Ultimately, the research allowed the team to map the hotspots across the Antarctic Peninsula, finding penguin colonies to be a proxy for biodiversity.
The maps can be updated in the future using satellite imagery to determine the size and location of breeding colonies, freeing future scientists from having to conduct treacherous fieldwork.
For Bokhorst, Antarctica presented an "ideal natural laboratory" to study the relationship between nutrients and biodiversity because of the simplicity of the overall food web, in contrast to other parts of the world where ecosystems were far more complex.
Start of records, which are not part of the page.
(* Let $\lambda_1,\lambda_2,\sigma_1,\sigma_2\in\mathbb{C}^*$ and $\eta_1,\eta_2\in\mathbb{C}$. Then $\Omega(\lambda_1,\eta_1,\sigma_1,0)\otimes\Omega(\lambda_2,\eta_2,0,\sigma_2)$ is an irreducible $\mathcal{G}$-module if and only if $\lambda_1\neq\lambda_2$.
   Context: The planar Galilean conformal algebra $\mathcal{G}$ is the complex Lie algebra with basis $\{L_m,H_m,I_m,J_m\mid m\in\mathbb{Z}\}$ and brackets $[L_m,L_n]=(n-m)L_{m+n}$, $[L_m,H_n]=nH_{m+n}$, $[L_m,I_n]=(n-m)I_{m+n}$, $[L_m,J_n]=(n-m)J_{m+n}$, $[H_m,I_n]=I_{m+n}$, $[H_m,J_n]=-J_{m+n}$, and $[H_m,H_n]=[I_m,I_n]=[J_m,J_n]=[I_m,J_n]=0$ for all $m,n\in\mathbb{Z}$. For $\lambda,\sigma\in\mathbb{C}^*$, $\eta\in\mathbb{C}$, the module $\Omega(\lambda,\eta,\sigma,0)$ is $\mathbb{C}[X,Y]$ with $L_m f(X,Y)=\lambda^m(Y-mX+m\eta)f(X,Y-m)$, $H_m f(X,Y)=\lambda^m X f(X,Y-m)$, $I_m f(X,Y)=\lambda^m\sigma f(X-1,Y-m)$, $J_m f(X,Y)=0$. The module $\Omega(\lambda,\eta,0,\sigma)$ is $\mathbb{C}[S,T]$ with $L_m f(S,T)=\lambda^m(T+mS+m\eta)f(S,T-m)$, $H_m f(S,T)=\lambda^m S f(S,T-m)$, $I_m f(S,T)=0$, $J_m f(S,T)=\lambda^m\sigma f(S+1,T-m)$. The tensor product of $\mathcal{G}$-modules has action $x(v\otimes w)=xv\otimes w+v\otimes xw$. *)

From HB Require Import structures.
From mathcomp Require Import all_boot all_algebra.
From mathcomp Require Import reals complex mpoly.
Set Implicit Arguments. Unset Strict Implicit. Unset Printing Implicit Defensive.
Import GRing.Theory Num.Theory.
Local Open Scope ring_scope.

Section GCA.
Variable R : realType.
Local Notation C := R[i].

(* Abstract notion: a G-module structure on a C-vector space V is given by
   the four families of operators L_m, H_m, I_m, J_m (m : int).       *)
Definition gca_submodule (V : lmodType C) (L H I J : int -> V -> V)
    (P : V -> Prop) : Prop :=
  [/\ P 0,
      (forall (a : C) (u v : V), P u -> P v -> P (a *: u + v)),
      (forall m u, P u -> P (L m u)),
      (forall m u, P u -> P (H m u)) &
      (forall m u, P u -> P (I m u)) /\ (forall m u, P u -> P (J m u))].

Definition gca_irreducible (V : lmodType C) (L H I J : int -> V -> V) : Prop :=
  (exists v : V, v != 0) /\
  forall P : V -> Prop, gca_submodule L H I J P ->
    (forall v, P v -> v = 0) \/ (forall v, P v).

(* The tensor product  Omega(l1,e1,s1,0) (x) Omega(l2,e2,0,s2)
   = C[X,Y] (x) C[S,T], realised as C[X,Y,S,T] = {mpoly C[4]} via
   f(X,Y) (x) g(S,T) |-> f g, with variables
   'X_0 = X, 'X_1 = Y, 'X_2 = S, 'X_3 = T.
   Each factor's operator acts on its own variables (the other variables
   being treated as scalars), and x(v (x) w) = xv (x) w + v (x) xw.        *)
Local Notation P4 := {mpoly C[4]}.

Definition cst (c : C) : P4 := c%:MP.
Definition zi (m : int) : C := m%:~R.

Definition shift4 (a b c d : C) (F : P4) : P4 :=
  comp_mpoly [tuple 'X_0 + cst a; 'X_1 + cst b; 'X_2 + cst c; 'X_3 + cst d] F.

(* action of Omega(l1, e1, s1, 0) on the X,Y variables *)
Definition L1 (l1 e1 : C) (m : int) (F : P4) : P4 :=
  cst (l1 ^ m) * ('X_1 - cst (zi m) * 'X_0 + cst (zi m * e1))
    * shift4 0 (- zi m) 0 0 F.
Definition H1 (l1 : C) (m : int) (F : P4) : P4 :=
  cst (l1 ^ m) * 'X_0 * shift4 0 (- zi m) 0 0 F.
Definition I1 (l1 s1 : C) (m : int) (F : P4) : P4 :=
  cst (l1 ^ m * s1) * shift4 (-1) (- zi m) 0 0 F.
Definition J1 (m : int) (F : P4) : P4 := 0.

(* action of Omega(l2, e2, 0, s2) on the S,T variables *)
Definition L2 (l2 e2 : C) (m : int) (F : P4) : P4 :=
  cst (l2 ^ m) * ('X_3 + cst (zi m) * 'X_2 + cst (zi m * e2))
    * shift4 0 0 0 (- zi m) F.
Definition H2 (l2 : C) (m : int) (F : P4) : P4 :=
  cst (l2 ^ m) * 'X_2 * shift4 0 0 0 (- zi m) F.
Definition I2 (m : int) (F : P4) : P4 := 0.
Definition J2 (l2 s2 : C) (m : int) (F : P4) : P4 :=
  cst (l2 ^ m * s2) * shift4 0 0 1 (- zi m) F.

Definition tL (l1 e1 l2 e2 : C) m F := L1 l1 e1 m F + L2 l2 e2 m F.
Definition tH (l1 l2 : C) m F := H1 l1 m F + H2 l2 m F.
Definition tI (l1 s1 : C) m F := I1 l1 s1 m F + I2 m F.
Definition tJ (l2 s2 : C) m F := J1 m F + J2 l2 s2 m F.

Definition tensor_irreducible (l1 e1 s1 l2 e2 s2 : C) : Prop :=
  gca_irreducible (V := P4) (tL l1 e1 l2 e2) (tH l1 l2) (tI l1 s1) (tJ l2 s2).

End GCA.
But the study also underscored how interconnected the continent's ecosystem was -- and therefore its vulnerability to human activity.
All countries working on the continent are subject to the Antarctic Treaty System, which obliges them to protect its wildlife, but Bokhorst said the study showed "if you start poking at one end it will have an effect at the other end."
"You need to keep a good eye that you're not overfishing the oceans so you're not harming food supplies, otherwise you're going to have an impact for biodiversity," he said.
The peninsula's vibrant invertebrate communities face few predators, but the advent of tourism means there is an increasing chance people could bring seeds or even insects with them.
These, in turn, could benefit from the soil enrichment and establish themselves, threatening the native species.
"That's a very good argument (for) why we should be careful with the Antarctic," said Bokhorst.